My favorite part of this book is the emphasis on personal worship.  The meditations and exercises are designed not to ‘convert’ one to paganism, but to unlock what you truly believe in your heart and to remove limitations that keep you from practicing those beliefs.  The chapter on Magick compares spells and rituals to what other religions call prayer and divine inspiration—after reading the chapter, I agree!  Sending a thought or intent or ‘spell’ out to the ‘universe’ and expecting things to happen while going about doing everything you can to help it along is just about exactly the same as sending your prayer to Heavenly Parents and having faith in your righteous desires.  The authors even specify that if the inspiration you receive during meditation (or prayer, or whatever you want to call it) involves hurting someone else, or breaking the law, or hurting yourself, it’s not true inspiration and you should ignore it.
I highly recommend the book to anyone who wants to know more about paganism in general, or is seeking to bring more pagan ritual into her life but is concerned about the implications for church activity, or even anyone who is lost and looking for any religious or spiritual path. (please go through The Amethyst Network if you want to buy this book, as they get a percentage of each sale:  just use the amazon link on the right of the page)

1 comment:

  1. I just got this book, and I am LOVING it. It has a lot of "study questions" (or just good things to think about), as well as some guided meditations, and some exercises.

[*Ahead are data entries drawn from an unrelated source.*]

(* Dividing the orbit by n + 1 isolates the term l ^+ n *: v, which must then
   tend to 0; as the l ^+ n are unimodular, v = 0. *)
Lemma recurrent_Jordan_chain0 (u v : Y) (l : C) : `|l| = 1 ->
  (fun n => l ^+ n *: u + (n%:R * l ^+ n) *: v) @ G --> u -> v = 0.
Proof.
move=> l1 uv_rec; pose a n : C := (n.+1%:R)^-1.
have a0 : (fun n => a n : C^o) @ G --> 0 by apply: cvgG; exact: cvgC_harmonic.
have aw0 (w : Y) : (fun n => a n *: w) @ G --> 0.
  by rewrite -(scale0r w); exact: tmod_cvgZ a0 (cvg_cst w).
have l_neq0 : l != 0 by rewrite -normr_eq0 l1 oner_eq0.
have lv0 : (fun n => l ^+ n *: v) @ G --> 0.
  have -> : (fun n => l ^+ n *: v) = (fun n =>
      a n *: (l ^+ n *: u + (n%:R * l ^+ n) *: v)
      - l ^+ n *: (a n *: u) + l ^+ n *: (a n *: v)).
    apply/funext => n; rewrite scalerDr !scalerA (mulrC (l ^+ n)).
    rewrite (addrC ((a n * l ^+ n) *: u)) addrK -scalerDl.
    by congr (_ *: v); rewrite /a -natr1; field; rewrite natr1 pnatr_eq0.
  have -> : (0 : Y) = 0 *: u - 0 + 0 by rewrite scale0r subr0 addr0.
  have l_le1 n : `|l ^+ n| <= 1 by rewrite normrX l1 expr1n.
  exact: tmod_cvgD (tmod_cvgB (tmod_cvgZ a0 uv_rec)
    (tmod_cvgZ_bounded l_le1 (aw0 u))) (tmod_cvgZ_bounded l_le1 (aw0 v)).
apply: (cvgG_unique (f := fun=> v)); first exact: cvg_cst.
have -> : (fun=> v) = (fun n => l^-1 ^+ n *: (l ^+ n *: v)).
  by apply/funext => n; rewrite scalerA -exprMn mulVf // expr1n scale1r.
have linv_le1 n : `|l^-1 ^+ n| <= 1 by rewrite normrX normfV l1 invr1 expr1n.
exact: tmod_cvgZ_bounded linv_le1 lv0.
Qed.

End UnimodularEigen.

Section JordanChain.
Variables (K : numFieldType) (Y : lmodType K) (S : {linear Y -> Y}).

Lemma iter_eigen (w : Y) (l : K) : S w = l *: w -> forall m, iter m S w = l ^+ m *: w.
Proof.
by move=> Sw; elim=> [|m IH] /=; rewrite ?scale1r // IH linearZZ Sw scalerA exprSr.
Qed.

Lemma iter_Jordan_chain (w v : Y) (l : K) :
  S v = l *: v -> S w = l *: w + l *: v ->
  forall m, iter m S w = l ^+ m *: w + (m%:R * l ^+ m) *: v.
Proof.
move=> Sv Sw; elim=> [|m IH] /=; first by rewrite scale1r mul0r scale0r addr0.
rewrite IH linearD !linearZZ Sw Sv scalerDr !scalerA -addrA -scalerDl exprSr.
by congr (_ + (_ *: v)); rewrite -natr1; ring.
Qed.

End JordanChain.

Section RecurrentSpectrum.
Variables (R : realType) (Y : topologicalLmodType R[i]) (S : {linear Y -> Y}) (y : Y).
Local Notation C := R[i].
Hypotheses (Y_haus : hausdorff_space Y) (S_cont : continuous S) (y_rec : recurrent S y).
Variables (n : nat) (lam : 'I_n -> C).
Local Notation Pi := (\prod_(k < n) ('X - (lam k)%:P)).
Hypotheses (Pi_y : papply S Pi y = 0)
  (Pi_min : forall q, q != 0 -> papply S q y = 0 -> (size Pi <= size q)%N).

Let G := return_filter S y.
Let G_proper : ProperFilter G :=
  return_filter_proper (hausdorff_accessible Y_haus) y_rec.

Let papply_return q : (fun m => iter m S (papply S q y)) @ G --> papply S q y.
Proof.
under eq_fun do rewrite -papply_iter.
apply: cvg_comp; [exact: iter_return_cvg | exact: papply_continuous].
Qed.

Lemma minpoly_cofactor_eigen l q : Pi = ('X - l%:P) * q ->
  papply S q y != 0 /\ S (papply S q y) = l *: papply S q y.
Proof.
move=> Pi_lq.
have Pi_neq0 : Pi != 0 by apply/monic_neq0/monic_prod => k _; exact: monicXsubC.
have q_neq0 : q != 0 by apply: contraNneq Pi_neq0 => q0; rewrite Pi_lq q0 mulr0.
split.
  apply/eqP => qy; have := Pi_min q_neq0 qy.
  by rewrite Pi_lq size_mul ?polyXsubC_eq0 // size_XsubC ltnn.
rewrite -papplyXM (_ : 'X * q = Pi + l *: q) ?papplyD ?Pi_y ?add0r ?papplyZ //.
by rewrite Pi_lq mulrBl -mul_polyC subrK.
Qed.

Lemma minpoly_root_unimodular k : `|lam k| = 1.
Proof.
have [w_neq0 Sw] := minpoly_cofactor_eigen (bigD1 k isT).
apply: (recurrent_eigen_unimodular (G_proper := G_proper) Y_haus
  (return_filter_tails S y) w_neq0).
have := @papply_return (prod_XsubC_except lam k).
by under eq_fun do rewrite (iter_eigen Sw).
Qed.

Lemma minpoly_roots_inj : injective lam.
Proof.
move=> i j lij; apply/eqP/negPn/negP => ij; set l := lam i.
pose q := \prod_(k < n | (k != i) && (k != j)) ('X - (lam k)%:P).
have Pi_l2q : Pi = ('X - l%:P) * (('X - l%:P) * q).
  by rewrite (bigD1 i) // (bigD1 j) 1?eq_sym //= -lij.
have [w2_neq0 Sw2] := minpoly_cofactor_eigen Pi_l2q.
have l_neq0 : l != 0 by rewrite -normr_eq0 minpoly_root_unimodular oner_eq0.
set w1 := papply S q y; set w2 := papply S (('X - l%:P) * q) y.
have Sw1 : S w1 = l *: w1 + l *: (l^-1 *: w2).
  rewrite scalerA mulfV // scale1r addrC -papplyXM /w2.
  rewrite (_ : 'X * q = ('X - l%:P) * q + l *: q) ?papplyD ?papplyZ //.
  by rewrite mulrBl -mul_polyC subrK.
have Sv : S (l^-1 *: w2) = l *: (l^-1 *: w2) by rewrite linearZZ Sw2 !scalerA mulrC.
have v0 : l^-1 *: w2 = 0.
  apply: (recurrent_Jordan_chain0 (G_proper := G_proper) Y_haus
    (return_filter_tails S y) (u := w1) (minpoly_root_unimodular i)).
  by have := @papply_return q; under eq_fun do rewrite (iter_Jordan_chain Sv Sw1).
move: w2_neq0; rewrite -/w2 -[w2](scale1r) -(mulfV l_neq0) -scalerA.
by rewrite v0 scaler0 eqxx.
Qed.

Lemma minpoly_span_eigen : spanS (EigC S) y.
Proof.
have [S0 [_ SZ]] := spanS_subspace (EigC S).
have [n0 | n_gt0] := posnP n.
  suff -> : y = 0 by [].
  by rewrite -(papply1 S y) -Pi_y big1 // => k; have := ltn_ord k; rewrite {2}n0.
rewrite -(papply1 S y) (lagrange_partition1 n_gt0 minpoly_roots_inj) papply_sum.
apply: subspace_sum (spanS_subspace _) _ => k _; rewrite papplyZ; apply/SZ/spanS_mem.
have [w_neq0 Sw] := minpoly_cofactor_eigen (bigD1 k isT).
by split => //; exists (lam k); split => //; exact: minpoly_root_unimodular.
Qed.

End RecurrentSpectrum.

Theorem recurrent_finite_orbit_spanEigC (R : realType) (Y : topologicalLmodType R[i])
  (S : {linear Y -> Y}) (y : Y) : hausdorff_space Y -> continuous S ->
  recurrent S y -> finite_dim (spanS (range (fun n => iter n S y))) ->
  spanS (EigC S) y.
Proof.
move=> Y_haus S_cont y_rec /orbit_minpoly [p [p_neq0 py p_min]].
have [rs p_rs] := closed_field_poly_normal p.
have lp_neq0 : lead_coef p != 0 by rewrite lead_coef_eq0.
have Pi_p : \prod_(k < size rs) ('X - (rs`_k)%:P) = (lead_coef p)^-1 *: p.
  by rewrite {2}p_rs scalerA mulVf // scale1r (big_nth 0) big_mkord.
apply: (minpoly_span_eigen Y_haus S_cont y_rec (lam := fun k : 'I_(size rs) => rs`_k)).
  by rewrite Pi_p papplyZ py scaler0.
by rewrite Pi_p size_scale ?invr_eq0.
Qed.

Section Complexification.
Variables (R : realType) (X : topologicalLmodType R).
Local Notation C := R[i].
Local Notation Re := complex.Re.
Local Notation Im := complex.Im.

(* The pair (y1, y2) stands for y1 + i y2. *)
Definition cplx : Type := (X * X)%type.
HB.instance Definition _ := GRing.Zmodule.on cplx.
HB.instance Definition _ := Topological.on cplx.

Definition cplx_scale (mu : C) (y : cplx) : cplx :=
  (Re mu *: y.1 - Im mu *: y.2, Re mu *: y.2 + Im mu *: y.1).

Lemma cplx_scaleA a b y : cplx_scale a (cplx_scale b y) = cplx_scale (a * b) y.
Proof.
case: a b y => [ar ai] [br bi] [y1 y2]; rewrite /cplx_scale /=.
by congr pair; rewrite scalerBr scalerDr !scalerA scalerBl scalerDl ?opprD;
  rewrite [LHS](AC (2*2) ((1*4)*(2*3))).
Qed.

Lemma cplx_scale1 : left_id 1 cplx_scale.
Proof. by case=> y1 y2; rewrite /cplx_scale /= !scale1r !scale0r subr0 addr0. Qed.

Lemma cplx_scaleDr : right_distributive cplx_scale +%R.
Proof.
by move=> a [y1 y2] [z1 z2]; rewrite /cplx_scale /=; congr pair;
  rewrite !scalerDr ?opprD addrACA.
Qed.

Lemma cplx_scaleDl y : {morph cplx_scale^~ y : a b / a + b}.
Proof.
by move=> [ar ai] [br bi]; rewrite /cplx_scale /=; congr pair;
  rewrite !scalerDl ?opprD addrACA.
Qed.

HB.instance Definition _ := GRing.Zmodule_isLmodule.Build C cplx
  cplx_scaleA cplx_scale1 cplx_scaleDr cplx_scaleDl.

Lemma cplx_scaleE (mu : C) (y : cplx) : mu *: y = cplx_scale mu y.
Proof. by []. Qed.

Lemma cplx_sub_continuous : continuous (fun z : cplx * cplx => z.1 - z.2).
Proof.
move=> z; apply: cvg_pair; apply: tmod_cvgB;
  by [apply: cvg_comp cvg_fst cvg_fst | apply: cvg_comp cvg_snd cvg_fst
     | apply: cvg_comp cvg_fst cvg_snd | apply: cvg_comp cvg_snd cvg_snd].
Qed.

HB.instance Definition _ :=
  PreTopologicalNmodule_isTopologicalZmodule.Build cplx cplx_sub_continuous.

Lemma cplx_scale_continuous : continuous (fun z : C^o * cplx => z.1 *: z.2).
Proof.
move=> z; apply: cvg_pair; [apply: tmod_cvgB | apply: tmod_cvgD];
  apply: tmod_cvgZ; apply: cvg_comp cvg_fst _ || apply: cvg_comp cvg_snd _;
  by [exact: Re_continuous | exact: Im_continuous | exact: cvg_fst | exact: cvg_snd].
Qed.

HB.instance Definition _ :=
  TopologicalZmodule_isTopologicalLmodule.Build C cplx cplx_scale_continuous.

    The chapter about belief is really good, it challenges you to realize that every belief you have also forces you to not believe certain other things (ie, we are all biased in some way). So, for example, if I believe that humans are inherently 'fallen' or flawed/sinful, then I cannot believe that they are inherently good...and visa versa.
    The belief chapter also briefly addresses the issue of belief persistence. I learned about belief persistence in my psychology classes, and essentially it is that we tend to believe the first thing(s) we learn, and to stick with believing them, even when we are presented with conflicting information (information with more solid factual basis than our prior held beliefs). We tend to ignore or blatantly disregard things that conflict with our already held beliefs. There is no logic to belief persistence, it's strictly 'first come first served' as it were. An interesting issue to contemplate!